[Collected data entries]
::::
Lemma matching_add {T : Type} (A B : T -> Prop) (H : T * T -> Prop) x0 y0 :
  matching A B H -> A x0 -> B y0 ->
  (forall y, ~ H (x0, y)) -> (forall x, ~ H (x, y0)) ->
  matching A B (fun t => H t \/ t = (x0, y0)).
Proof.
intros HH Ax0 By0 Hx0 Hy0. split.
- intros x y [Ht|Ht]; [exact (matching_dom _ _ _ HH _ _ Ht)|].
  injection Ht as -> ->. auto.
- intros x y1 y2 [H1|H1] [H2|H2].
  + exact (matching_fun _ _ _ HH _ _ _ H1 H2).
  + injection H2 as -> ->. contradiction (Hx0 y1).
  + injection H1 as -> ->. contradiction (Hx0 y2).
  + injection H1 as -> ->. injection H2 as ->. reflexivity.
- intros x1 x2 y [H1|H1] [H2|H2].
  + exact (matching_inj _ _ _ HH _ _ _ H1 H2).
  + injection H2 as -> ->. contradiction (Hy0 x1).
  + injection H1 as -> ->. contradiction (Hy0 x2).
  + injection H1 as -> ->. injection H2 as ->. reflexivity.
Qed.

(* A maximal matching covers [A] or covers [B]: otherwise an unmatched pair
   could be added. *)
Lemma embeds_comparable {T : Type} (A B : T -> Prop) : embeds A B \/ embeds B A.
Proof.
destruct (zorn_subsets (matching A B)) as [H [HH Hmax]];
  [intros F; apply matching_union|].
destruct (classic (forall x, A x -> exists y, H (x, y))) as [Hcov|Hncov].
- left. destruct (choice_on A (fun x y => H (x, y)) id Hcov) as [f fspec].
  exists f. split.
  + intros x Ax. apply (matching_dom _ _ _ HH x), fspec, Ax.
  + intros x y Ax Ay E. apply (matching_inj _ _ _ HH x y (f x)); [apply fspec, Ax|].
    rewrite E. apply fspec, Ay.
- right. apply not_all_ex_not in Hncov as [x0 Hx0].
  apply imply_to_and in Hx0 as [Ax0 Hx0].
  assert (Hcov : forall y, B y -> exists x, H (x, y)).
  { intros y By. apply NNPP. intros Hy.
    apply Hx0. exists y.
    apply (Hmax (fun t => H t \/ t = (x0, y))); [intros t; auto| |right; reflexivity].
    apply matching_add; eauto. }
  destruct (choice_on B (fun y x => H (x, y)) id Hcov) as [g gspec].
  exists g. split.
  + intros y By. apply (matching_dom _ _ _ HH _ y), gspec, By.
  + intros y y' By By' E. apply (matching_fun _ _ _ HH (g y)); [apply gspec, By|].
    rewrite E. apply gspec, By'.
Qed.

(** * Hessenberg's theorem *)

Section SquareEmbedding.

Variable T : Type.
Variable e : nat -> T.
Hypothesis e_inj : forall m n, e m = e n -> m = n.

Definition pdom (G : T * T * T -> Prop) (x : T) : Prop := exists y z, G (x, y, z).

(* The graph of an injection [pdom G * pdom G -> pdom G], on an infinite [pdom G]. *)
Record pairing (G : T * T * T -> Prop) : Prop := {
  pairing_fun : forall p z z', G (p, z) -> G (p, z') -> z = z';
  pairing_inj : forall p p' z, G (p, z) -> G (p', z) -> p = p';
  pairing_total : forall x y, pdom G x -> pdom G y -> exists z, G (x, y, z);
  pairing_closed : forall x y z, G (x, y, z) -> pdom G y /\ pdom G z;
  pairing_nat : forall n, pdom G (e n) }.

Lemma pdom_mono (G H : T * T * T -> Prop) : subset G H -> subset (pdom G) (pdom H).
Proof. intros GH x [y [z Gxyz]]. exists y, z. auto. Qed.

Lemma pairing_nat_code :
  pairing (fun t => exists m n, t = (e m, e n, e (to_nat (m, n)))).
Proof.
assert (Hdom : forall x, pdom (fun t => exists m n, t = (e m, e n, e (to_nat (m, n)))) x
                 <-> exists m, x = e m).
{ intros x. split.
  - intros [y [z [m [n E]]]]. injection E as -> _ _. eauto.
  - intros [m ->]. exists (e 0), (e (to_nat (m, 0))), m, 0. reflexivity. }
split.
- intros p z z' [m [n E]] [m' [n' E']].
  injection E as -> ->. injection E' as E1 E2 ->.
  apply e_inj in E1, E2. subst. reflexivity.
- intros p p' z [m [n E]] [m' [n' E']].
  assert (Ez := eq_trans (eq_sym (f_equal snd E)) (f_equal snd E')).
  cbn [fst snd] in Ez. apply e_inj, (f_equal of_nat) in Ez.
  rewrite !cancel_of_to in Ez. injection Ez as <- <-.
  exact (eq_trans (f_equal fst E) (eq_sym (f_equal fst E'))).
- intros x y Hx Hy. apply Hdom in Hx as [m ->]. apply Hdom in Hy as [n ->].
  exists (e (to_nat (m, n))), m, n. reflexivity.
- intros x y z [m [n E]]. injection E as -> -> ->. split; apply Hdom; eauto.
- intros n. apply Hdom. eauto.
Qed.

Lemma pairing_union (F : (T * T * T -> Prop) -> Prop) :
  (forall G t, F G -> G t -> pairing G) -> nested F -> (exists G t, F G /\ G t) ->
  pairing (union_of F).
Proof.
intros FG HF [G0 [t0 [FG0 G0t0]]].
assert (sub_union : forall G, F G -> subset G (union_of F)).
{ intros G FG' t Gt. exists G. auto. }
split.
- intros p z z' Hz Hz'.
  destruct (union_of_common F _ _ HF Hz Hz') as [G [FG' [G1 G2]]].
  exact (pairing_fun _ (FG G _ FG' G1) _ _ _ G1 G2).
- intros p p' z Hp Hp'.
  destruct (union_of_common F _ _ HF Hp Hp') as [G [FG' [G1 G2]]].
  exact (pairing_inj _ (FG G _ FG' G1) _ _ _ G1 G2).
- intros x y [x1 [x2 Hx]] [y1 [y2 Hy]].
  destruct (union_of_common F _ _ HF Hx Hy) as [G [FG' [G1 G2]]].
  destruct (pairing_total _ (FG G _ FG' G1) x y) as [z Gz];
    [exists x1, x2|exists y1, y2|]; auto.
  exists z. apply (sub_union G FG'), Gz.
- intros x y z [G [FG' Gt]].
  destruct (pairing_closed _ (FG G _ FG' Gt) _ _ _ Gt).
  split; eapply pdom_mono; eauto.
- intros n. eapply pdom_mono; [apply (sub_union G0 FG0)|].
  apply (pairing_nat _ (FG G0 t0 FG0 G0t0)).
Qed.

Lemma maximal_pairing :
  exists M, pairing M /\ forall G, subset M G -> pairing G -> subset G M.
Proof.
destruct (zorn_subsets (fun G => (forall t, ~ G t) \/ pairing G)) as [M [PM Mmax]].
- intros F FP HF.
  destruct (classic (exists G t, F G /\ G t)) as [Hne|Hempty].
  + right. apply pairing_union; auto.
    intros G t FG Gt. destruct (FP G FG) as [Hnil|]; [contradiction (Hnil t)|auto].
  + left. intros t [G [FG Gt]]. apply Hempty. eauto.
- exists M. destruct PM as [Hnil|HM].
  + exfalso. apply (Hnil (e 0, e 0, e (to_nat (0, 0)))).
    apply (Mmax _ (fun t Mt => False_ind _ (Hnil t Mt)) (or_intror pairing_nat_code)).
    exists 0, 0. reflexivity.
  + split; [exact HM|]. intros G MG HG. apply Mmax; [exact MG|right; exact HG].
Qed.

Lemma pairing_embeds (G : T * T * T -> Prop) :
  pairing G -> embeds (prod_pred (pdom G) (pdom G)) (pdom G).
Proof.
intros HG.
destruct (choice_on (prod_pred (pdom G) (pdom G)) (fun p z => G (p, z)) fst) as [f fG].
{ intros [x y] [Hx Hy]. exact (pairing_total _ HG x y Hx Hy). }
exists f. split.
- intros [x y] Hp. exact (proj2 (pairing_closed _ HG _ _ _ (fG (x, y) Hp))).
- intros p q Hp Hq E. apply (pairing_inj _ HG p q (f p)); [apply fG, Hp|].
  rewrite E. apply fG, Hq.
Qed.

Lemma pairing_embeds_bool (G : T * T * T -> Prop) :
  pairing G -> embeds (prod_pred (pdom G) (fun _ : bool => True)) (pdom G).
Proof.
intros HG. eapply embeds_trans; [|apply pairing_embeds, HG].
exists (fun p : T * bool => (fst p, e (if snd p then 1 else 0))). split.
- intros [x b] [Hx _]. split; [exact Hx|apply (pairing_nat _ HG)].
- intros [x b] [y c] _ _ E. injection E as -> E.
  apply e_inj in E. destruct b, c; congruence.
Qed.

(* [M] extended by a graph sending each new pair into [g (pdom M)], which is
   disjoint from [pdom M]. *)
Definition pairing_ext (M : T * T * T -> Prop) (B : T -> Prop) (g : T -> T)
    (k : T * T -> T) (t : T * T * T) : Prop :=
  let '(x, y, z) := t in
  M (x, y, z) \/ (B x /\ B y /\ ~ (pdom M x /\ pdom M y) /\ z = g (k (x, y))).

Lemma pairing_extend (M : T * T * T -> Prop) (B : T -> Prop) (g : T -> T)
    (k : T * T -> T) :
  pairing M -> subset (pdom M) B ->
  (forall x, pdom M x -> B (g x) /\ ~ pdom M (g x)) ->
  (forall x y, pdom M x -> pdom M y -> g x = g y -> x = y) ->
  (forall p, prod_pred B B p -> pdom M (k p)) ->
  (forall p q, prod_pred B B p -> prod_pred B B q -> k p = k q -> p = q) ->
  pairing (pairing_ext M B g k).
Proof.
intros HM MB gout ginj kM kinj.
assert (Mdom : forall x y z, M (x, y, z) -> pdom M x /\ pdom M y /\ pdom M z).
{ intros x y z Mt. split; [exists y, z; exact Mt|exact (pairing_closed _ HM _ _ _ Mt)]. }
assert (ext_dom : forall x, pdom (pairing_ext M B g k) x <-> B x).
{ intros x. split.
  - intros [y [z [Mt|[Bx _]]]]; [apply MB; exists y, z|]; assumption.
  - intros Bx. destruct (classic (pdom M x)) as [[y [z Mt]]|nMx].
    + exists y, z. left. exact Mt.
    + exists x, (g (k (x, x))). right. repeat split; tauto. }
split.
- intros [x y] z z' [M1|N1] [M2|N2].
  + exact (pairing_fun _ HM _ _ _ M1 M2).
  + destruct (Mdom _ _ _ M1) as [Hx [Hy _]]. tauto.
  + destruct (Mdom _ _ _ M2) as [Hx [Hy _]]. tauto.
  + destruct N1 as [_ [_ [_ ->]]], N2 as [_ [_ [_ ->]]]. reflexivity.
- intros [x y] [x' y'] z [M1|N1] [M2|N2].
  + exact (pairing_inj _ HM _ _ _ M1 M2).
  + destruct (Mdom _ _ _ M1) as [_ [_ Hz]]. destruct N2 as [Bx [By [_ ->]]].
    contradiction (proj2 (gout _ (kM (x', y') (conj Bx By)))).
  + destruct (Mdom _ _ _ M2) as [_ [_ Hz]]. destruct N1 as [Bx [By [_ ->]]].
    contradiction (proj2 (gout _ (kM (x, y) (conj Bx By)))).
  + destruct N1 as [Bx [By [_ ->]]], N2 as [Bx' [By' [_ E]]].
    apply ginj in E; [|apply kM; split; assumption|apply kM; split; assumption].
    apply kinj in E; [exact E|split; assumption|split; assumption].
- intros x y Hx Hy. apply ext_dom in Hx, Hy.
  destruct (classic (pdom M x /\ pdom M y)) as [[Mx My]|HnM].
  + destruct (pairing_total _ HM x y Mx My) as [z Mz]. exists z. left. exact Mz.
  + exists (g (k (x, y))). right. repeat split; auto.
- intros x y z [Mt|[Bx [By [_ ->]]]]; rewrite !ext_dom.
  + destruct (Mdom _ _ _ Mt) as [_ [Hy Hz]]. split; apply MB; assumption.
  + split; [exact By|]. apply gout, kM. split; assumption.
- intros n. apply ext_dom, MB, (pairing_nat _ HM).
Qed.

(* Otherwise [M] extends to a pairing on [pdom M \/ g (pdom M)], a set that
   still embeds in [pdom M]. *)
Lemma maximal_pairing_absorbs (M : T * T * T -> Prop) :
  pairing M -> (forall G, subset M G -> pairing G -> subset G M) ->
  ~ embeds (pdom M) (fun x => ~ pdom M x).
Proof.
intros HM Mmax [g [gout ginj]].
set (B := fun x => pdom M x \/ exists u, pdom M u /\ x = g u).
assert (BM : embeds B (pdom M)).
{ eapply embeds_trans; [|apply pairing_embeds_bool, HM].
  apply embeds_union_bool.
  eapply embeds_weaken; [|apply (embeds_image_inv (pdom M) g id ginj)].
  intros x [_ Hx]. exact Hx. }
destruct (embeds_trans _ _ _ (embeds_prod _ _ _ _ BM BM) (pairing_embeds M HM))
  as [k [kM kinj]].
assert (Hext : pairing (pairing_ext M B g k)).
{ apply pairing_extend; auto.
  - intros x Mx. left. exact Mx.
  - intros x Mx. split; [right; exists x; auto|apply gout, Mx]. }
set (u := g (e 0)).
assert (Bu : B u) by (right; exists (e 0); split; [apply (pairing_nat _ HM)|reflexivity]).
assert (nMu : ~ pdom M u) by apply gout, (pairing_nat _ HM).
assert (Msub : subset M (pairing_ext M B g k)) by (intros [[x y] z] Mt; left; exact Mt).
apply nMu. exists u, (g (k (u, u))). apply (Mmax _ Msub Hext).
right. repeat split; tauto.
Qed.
::::
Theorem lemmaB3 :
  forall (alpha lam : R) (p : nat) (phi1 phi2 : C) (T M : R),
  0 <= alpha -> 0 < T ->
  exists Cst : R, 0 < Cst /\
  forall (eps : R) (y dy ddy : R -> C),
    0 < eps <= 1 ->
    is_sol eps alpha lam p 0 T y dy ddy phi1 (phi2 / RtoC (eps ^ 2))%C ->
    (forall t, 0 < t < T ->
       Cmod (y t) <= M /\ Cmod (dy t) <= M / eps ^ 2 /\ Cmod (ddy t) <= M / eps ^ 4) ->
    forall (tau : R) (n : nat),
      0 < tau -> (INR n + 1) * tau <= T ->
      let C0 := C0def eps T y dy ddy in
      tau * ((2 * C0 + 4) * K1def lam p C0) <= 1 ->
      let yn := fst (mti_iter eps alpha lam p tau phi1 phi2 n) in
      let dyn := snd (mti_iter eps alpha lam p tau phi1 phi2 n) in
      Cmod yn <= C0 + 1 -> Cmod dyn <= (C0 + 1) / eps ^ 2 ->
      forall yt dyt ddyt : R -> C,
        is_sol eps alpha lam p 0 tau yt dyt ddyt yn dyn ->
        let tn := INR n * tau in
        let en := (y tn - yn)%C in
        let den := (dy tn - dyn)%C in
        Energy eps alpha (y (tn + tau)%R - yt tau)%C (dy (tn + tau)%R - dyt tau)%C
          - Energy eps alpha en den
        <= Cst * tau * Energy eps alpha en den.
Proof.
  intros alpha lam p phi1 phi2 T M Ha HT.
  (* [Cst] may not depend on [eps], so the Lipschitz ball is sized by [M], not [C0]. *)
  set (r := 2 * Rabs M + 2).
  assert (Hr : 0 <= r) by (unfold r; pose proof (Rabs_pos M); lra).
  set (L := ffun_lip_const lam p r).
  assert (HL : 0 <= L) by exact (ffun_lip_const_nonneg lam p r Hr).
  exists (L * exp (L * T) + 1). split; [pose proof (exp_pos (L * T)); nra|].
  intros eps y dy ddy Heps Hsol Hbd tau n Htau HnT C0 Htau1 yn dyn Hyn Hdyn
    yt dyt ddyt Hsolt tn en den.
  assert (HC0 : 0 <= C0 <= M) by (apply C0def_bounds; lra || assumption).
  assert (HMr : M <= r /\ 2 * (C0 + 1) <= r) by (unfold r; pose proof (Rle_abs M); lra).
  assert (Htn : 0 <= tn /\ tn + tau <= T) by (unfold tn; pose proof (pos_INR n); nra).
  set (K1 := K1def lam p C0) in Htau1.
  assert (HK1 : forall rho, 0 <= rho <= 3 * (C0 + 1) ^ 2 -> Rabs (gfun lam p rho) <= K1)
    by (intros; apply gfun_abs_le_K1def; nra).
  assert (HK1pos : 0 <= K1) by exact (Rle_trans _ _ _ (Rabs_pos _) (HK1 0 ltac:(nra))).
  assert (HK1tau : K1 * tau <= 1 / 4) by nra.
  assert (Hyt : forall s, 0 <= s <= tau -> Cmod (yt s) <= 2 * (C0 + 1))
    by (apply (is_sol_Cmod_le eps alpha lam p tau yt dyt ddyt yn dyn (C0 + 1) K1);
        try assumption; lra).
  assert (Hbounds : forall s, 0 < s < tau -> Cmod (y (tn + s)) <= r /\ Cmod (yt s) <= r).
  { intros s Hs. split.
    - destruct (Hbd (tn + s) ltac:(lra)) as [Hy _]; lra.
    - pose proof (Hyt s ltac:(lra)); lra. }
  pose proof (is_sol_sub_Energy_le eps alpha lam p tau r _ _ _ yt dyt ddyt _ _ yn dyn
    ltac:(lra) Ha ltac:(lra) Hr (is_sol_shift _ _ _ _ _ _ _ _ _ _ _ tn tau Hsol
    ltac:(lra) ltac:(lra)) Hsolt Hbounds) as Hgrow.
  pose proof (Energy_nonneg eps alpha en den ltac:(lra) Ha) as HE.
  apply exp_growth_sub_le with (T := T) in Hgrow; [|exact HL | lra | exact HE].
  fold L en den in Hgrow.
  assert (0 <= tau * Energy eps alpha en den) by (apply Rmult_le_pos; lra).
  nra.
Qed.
::::
# EXERCISE REQUIREMENTS:
Above are the entries. Quote exactly the lines from the one bearing "assert (ext_dom : forall" through the one bearing "left. exact Mt.".

# SOLUTION:
assert (ext_dom : forall x, pdom (pairing_ext M B g k) x <-> B x).
{ intros x. split.
  - intros [y [z [Mt|[Bx _]]]]; [apply MB; exists y, z|]; assumption.
  - intros Bx. destruct (classic (pdom M x)) as [[y [z Mt]]|nMx].
    + exists y, z. left. exact Mt.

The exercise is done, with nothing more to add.